Time to recovery (TTR) is usually reported as the time elapsed between initial detection and the resolution. Mean TTR, tracked as MTTR, is often a vital business key performance indicator.

IT incident post-mortems. The IT support process for an incident provides opportunities to learn and make improvements.

A post-mortem is a review process wherein the IT support team and perhaps relevant members from the larger organization consider the underlying causes of an issue, look for patterns and evaluate changes that could reduce its recurrence.

Issue management platforms can initiate post-mortems as a follow-up action to a major or critical issue. The tool supplies a detailed log of the incident response timeline and actions/results for review.

Post-mortems focus on root causes rather than proximate causes. Proximate causes are the reasons or triggers that started the issue. A root cause is the central fault that, if corrected, could prevent all such incidents. For example, an application throws an error because its volume runs out of storage. The application error is the proximate cause of the issue, but the root cause is a lack of monitoring of logical unit number (LUN) usage and remaining capacity. The post-mortem evaluation might result in new storage monitoring that triggers an alert when the LUN hits 85% full. With that fix in place, administrators can add storage before an application error ever occurs. Similarly, a post-mortem could inform a decision to upgrade systems or software.
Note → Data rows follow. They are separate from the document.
(* local minimizer over SO(n)^N (neighbourhood w.r.t. the matrix sup norm) *)
Definition local_min_SO (R : realType) (n N M : nat) (Lam : 'M[R]_n)
    (phi : 'M[R]_n -> R) (Q0 : 'I_M -> 'M[R]_n) (U : 'I_N -> 'M[R]_n) : Prop :=
  (forall k, U k \in SOmx R n) /\
  exists2 eps : R, 0 < eps &
    forall W : 'I_N -> 'M[R]_n,
      (forall k, W k \in SOmx R n) ->
      (forall k, `|W k - U k| < eps) ->
      Vhat Lam phi Q0 U <= Vhat Lam phi Q0 W.

(* Fix a step k and let P^a_m := grad phi (Q^a_N) (U_m ... U_(N-1))^T be the costate,
   propagated backward from the terminal gradient. Replacing U_k by U_k T, with T a
   rotation in the (i, j) coordinate plane, keeps every control in SO(n), and to first
   order changes the cost by tr (X_k (E_ij - E_ji)), where
   X_k = Lam U_k + sum_a (P^a_(k+1))^T Q^a_(k+1). Minimality makes this nonnegative for
   both orders of (i, j), hence X_k is symmetric; conjugating X_k = X_k^T by U_k gives
   the adjoint equation. *)

From HB Require Import structures.
From mathcomp Require Import all_boot all_order all_algebra.
From mathcomp Require Import all_classical all_reals all_analysis.
From mathcomp Require Import ring lra.
Import Order.TTheory GRing.Theory Num.Theory.
Import numFieldNormedType.Exports.
Local Open Scope ring_scope.
Set Implicit Arguments. Unset Strict Implicit. Unset Printing Implicit Defensive.

Section DirectionalDerivative.
Variables (R : realType) (V : normedModType R).
Implicit Types (f : V -> R) (x v w : V).

Lemma derive_of_linear_approx f x v (L : R) :
  (forall e : R, 0 < e -> exists2 d : R, 0 < d & forall t : R, `|t| < d ->
     `|f (x + t *: v) - f x - t * L| <= e * `|t|) -> 'D_v f x = L.
Proof.
move=> H; rewrite /derive; apply: cvg_lim => //.
apply/cvgrPdist_le => e e0; have [d d0 hd] := H e e0.
rewrite near_withinE; apply/nbhs_normP; exists d => //= t /= ht tn0.
rewrite sub0r normrN in ht.
have := hd t ht; rewrite /= [t *: v + x]addrC; set X := (f _ - f x).
have -> : L - t^-1 *: X = - t^-1 * (- (t * L) + X).
  rewrite -[t^-1 *: X]/(t^-1 * X); by field.
rewrite normrM normrN normfV addrC => h.
by rewrite mulrC ler_pdivrMr ?normr_gt0 // mulrC.
Qed.

Lemma is_derive_line f x v (s : R) : derivable f (x + s *: v) v ->
  is_derive s 1 (fun t : R => f (x + t *: v)) ('D_v f (x + s *: v)).
Proof.
move=> dfv.
have E : (fun h : R => h^-1 *: (((fun t : R => f (x + t *: v)) \o shift s) (h *: 1)
          - f (x + s *: v)))
       = (fun h : R => h^-1 *: ((f \o shift (x + s *: v)) (h *: v) - f (x + s *: v))).
  apply/funext => h /=; congr (_ *: (f _ - _)).
  by rewrite scalerDl -[h *: 1]/(h * 1) mulr1 addrCA.
by split; [rewrite /derivable E | rewrite /derive E].
Qed.

Lemma MVT_line f x v (u : R) : (forall y, derivable f y v) ->
  exists2 c : R, `|c| <= `|u| & f (x + u *: v) - f x = u * 'D_v f (x + c *: v).
Proof.
move=> dfv; set g := fun t : R => f (x + t *: v).
have gd t : is_derive t (1 : R) g ('D_v f (x + t *: v)) by exact: is_derive_line.
have gc : continuous g.
  by move=> t; apply: differentiable_continuous; apply/derivable1_diffP; have [] := gd t.
have g0 : g 0 = f x by rewrite /g scale0r addr0.
case: (leP 0 u) => hu.
- have [c hc E] := MVT_segment hu (fun t _ => gd t) (continuous_subspaceT gc).
  exists c; last by rewrite -g0 /g E subr0 mulrC.
  move: hc; rewrite in_itv /= => /andP[c0 cu].
  by rewrite !ger0_norm // (le_trans c0 cu).
- have [c hc E] := MVT_segment (ltW hu) (fun t _ => gd t) (continuous_subspaceT gc).
  exists c; last first.
    rewrite -g0; apply: (@oppr_inj R); rewrite opprB -/(g u) E.
    by rewrite sub0r mulrN mulrC.
  move: hc; rewrite in_itv /= => /andP[uc c0].
  by rewrite !ler0_norm ?lerN2 // (le_trans (ltW hu)).
Qed.

Lemma linear_approx2 f x v w :
  (forall y z, derivable f y z) ->
  {for x, continuous ('D_v f)} -> {for x, continuous ('D_w f)} ->
  forall e : R, 0 < e -> exists2 d : R, 0 < d & forall s u : R, `|s| < d -> `|u| < d ->
  `|f (x + s *: v + u *: w) - f x - s * 'D_v f x - u * 'D_w f x| <= e * (`|s| + `|u|).
Proof.
move=> df /cvgrPdist_lt cv /cvgrPdist_lt cw e e0.
have /nbhs_normP[d1 d10 h1] := cv e e0.
have /nbhs_normP[d2 d20 h2] := cw e e0.
set d := Num.min d1 d2; set K := `|v| + `|w| + 1.
have K0 : 0 < K by rewrite /K ltr_wpDl // addr_ge0.
have d0 : 0 < d by rewrite lt_min d10 d20.
have near_x a b : `|a| < d / K -> `|b| < d / K -> `|a *: v + b *: w| < d.
  move=> ha hb; apply: (le_lt_trans (ler_normD _ _)); rewrite !normrZ.
  have hK : d = d / K * K by rewrite divfK // gt_eqF.
  rewrite [X in _ < X]hK /K mulrDr mulr1 mulrDr.
  have : `|a| * `|v| <= d / K * `|v| by rewrite ler_wpM2r // ltW.
  have : `|b| * `|w| <= d / K * `|w| by rewrite ler_wpM2r // ltW.
  have : 0 < d / K by rewrite divr_gt0.
  lra.
exists (d / K); first by rewrite divr_gt0.
move=> s u hs hu.
have [c hc /eqP] := MVT_line (x + s *: v) u (df^~ w).
rewrite subr_eq => /eqP ->.
have [c' hc' /eqP] := MVT_line x s (df^~ v).
rewrite subr_eq => /eqP ->.
have hDw : `|'D_w f x - 'D_w f (x + s *: v + c *: w)| < e.
  apply: h2; rewrite /= -addrA opprD addrA subrr sub0r normrN.
  apply: (lt_le_trans (near_x _ _ hs (le_lt_trans hc hu))).
  by rewrite ge_min lexx orbT.
have hDv : `|'D_v f x - 'D_v f (x + c' *: v)| < e.
  apply: h1; rewrite /= opprD addrA subrr sub0r normrN -[c' *: v]addr0 -(scale0r w).
  apply: (lt_le_trans (near_x _ _ (le_lt_trans hc' hs) _)); last by rewrite ge_min lexx.
  by rewrite normr0 divr_gt0.
rewrite distrC in hDw; rewrite distrC in hDv.
have -> : u * 'D_w f (x + s *: v + c *: w) + (s * 'D_v f (x + c' *: v) + f x) - f x
          - s * 'D_v f x - u * 'D_w f x
        = u * ('D_w f (x + s *: v + c *: w) - 'D_w f x)
          + s * ('D_v f (x + c' *: v) - 'D_v f x) by ring.
apply: (le_trans (ler_normD _ _)); rewrite !normrM.
have := normr_ge0 u; have := normr_ge0 s; nra.
Qed.

Section C1.
Variable f : V -> R.
Hypotheses (df : forall x v, derivable f x v) (cf : forall v, continuous ('D_v f)).

Lemma derive_dirD x v w : 'D_(v + w) f x = 'D_v f x + 'D_w f x.
Proof.
apply: derive_of_linear_approx => e e0.
have [d d0 hd] := linear_approx2 df (@cf v x) (@cf w x) (divr_gt0 e0 (ltr0Sn R 1)).
exists d => // t ht; have := hd t t ht ht.
rewrite scalerDr addrA => h.
have -> : f (x + t *: v + t *: w) - f x - t * ('D_v f x + 'D_w f x)
  = f (x + t *: v + t *: w) - f x - t * 'D_v f x - t * 'D_w f x by ring.
by apply: (le_trans h); rewrite le_eqVlt; apply/orP; left; apply/eqP; field.
Qed.

Lemma derive_dirZ x (c : R) v : 'D_(c *: v) f x = c * 'D_v f x.
Proof.
apply: derive_of_linear_approx => e e0.
have c1 : 0 < `|c| + 1 by rewrite ltr_wpDl.
have [d d0 hd] := linear_approx2 df (@cf v x) (@cf v x) (divr_gt0 e0 c1).
exists (d / (`|c| + 1)); first by rewrite divr_gt0.
move=> t ht; have hct : `|c * t| < d.
  rewrite normrM; apply: (le_lt_trans (y := (`|c| + 1) * `|t|)).
    by rewrite ler_wpM2r // lerDl.
  by rewrite mulrC -ltr_pdivlMr.
have := hd (c * t) 0 hct; rewrite normr0 => /(_ d0).
rewrite scale0r addr0 mul0r subr0 scalerA [t * c]mulrC mulrA [t * c]mulrC.
move=> /le_trans; apply; rewrite addr0 normrM mulrA ler_wpM2r //.
by rewrite mulrAC ler_pdivrMr // ler_wpM2l ?(ltW e0) // lerDl.
Qed.

Lemma derive_dir_sum (I : Type) (r : seq I) (P : pred I) (F : I -> V) x :
  'D_(\sum_(i <- r | P i) F i) f x = \sum_(i <- r | P i) 'D_(F i) f x.
Proof. exact: (big_morph (fun v => 'D_v f x) (derive_dirD x) (derive0 f x)). Qed.

End C1.
End DirectionalDerivative.

Lemma derive_dir_grad (R : realType) n (f : 'M[R]_n -> R) :
  (forall x v, derivable f x v) -> (forall v, continuous ('D_v f)) ->
  forall A B, 'D_B f A = \tr ((grad f A)^T *m B).
Proof.
move=> df cf A B; rewrite {1}(matrix_sum_delta B) (derive_dir_sum df cf) /mxtrace.
under eq_bigr => i _ do rewrite (derive_dir_sum df cf).
rewrite exchange_big; apply: eq_bigr => j _; rewrite mxE; apply: eq_bigr => i _.
by rewrite (derive_dirZ df cf) !mxE mulrC.
Qed.

Section Trajectory.
Variables (R : realType) (n N : nat).
Implicit Types (U : 'I_N -> 'M[R]_n) (X : 'M[R]_n).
A post-mortem process can yield process improvements for IT support as well. For example, upon review, the team determines that it should escalate a certain type of issue sooner.

IT support tools

It takes well-organized information and collaboration to maintain a 24/7 year-round enterprise IT deployment. The IT support process relies on a suite of tools: monitoring, alert reporting and issue or incident management. Use monitoring to find an issue; IT issue management tools to classify, organize and report on it; and communication products to keep support staff and users up to date on the progress made.

Monitoring and alert tools discover and report problems via logs, agent-based information or other input, or users report them. There is a plethora of monitoring options in various categories: Datadog, New Relic, Nagios and Splunk are a few. Alert management tool options include PagerDuty and xMatters.

IT issue management platforms organize the remediation efforts of developers, operations staff and business leaders. They also offer a way to communicate to the affected software users. Popular tools to track and manage response to issues include Atlassian Jira Ops, Bugzilla and nTask. An increasing number of issue management tools are available as hosted services from the vendor rather than on-premises deployments. By running the product on an external cloud, the IT organization can keep it safe from outages that affect internal infrastructure.

These tools might rely on a ChatOps connection to products such as Slack for rapid IT support team communication.

Talk it out

Communication is critical in any IT support process, within the team and externally to affected users.

Text chat, video chat, shared notes and documents, and other media keep team members in touch and working collaboratively toward the most productive outcome. If ideas and results aren't shared quickly, teams can see duplicated effort and long MTTRs.

External communication is also vital to the user community. Users expect the business to inform them of an issue and provide timely updates on its resolution. This can keep down the number of duplicate tickets sent in by different users and inspire confidence in the support team and business as a whole. Generally, filter progress information for internal versus external communications. Users do not need to see the detailed progress notes generated within the issue management system. In fact, that information could include IP addresses, software stack configurations and other sensitive materials best kept confidential. User-facing communication is often supported through integrations with specialized communication tools, such as Atlassian Statuspage, or even an intranet or email update.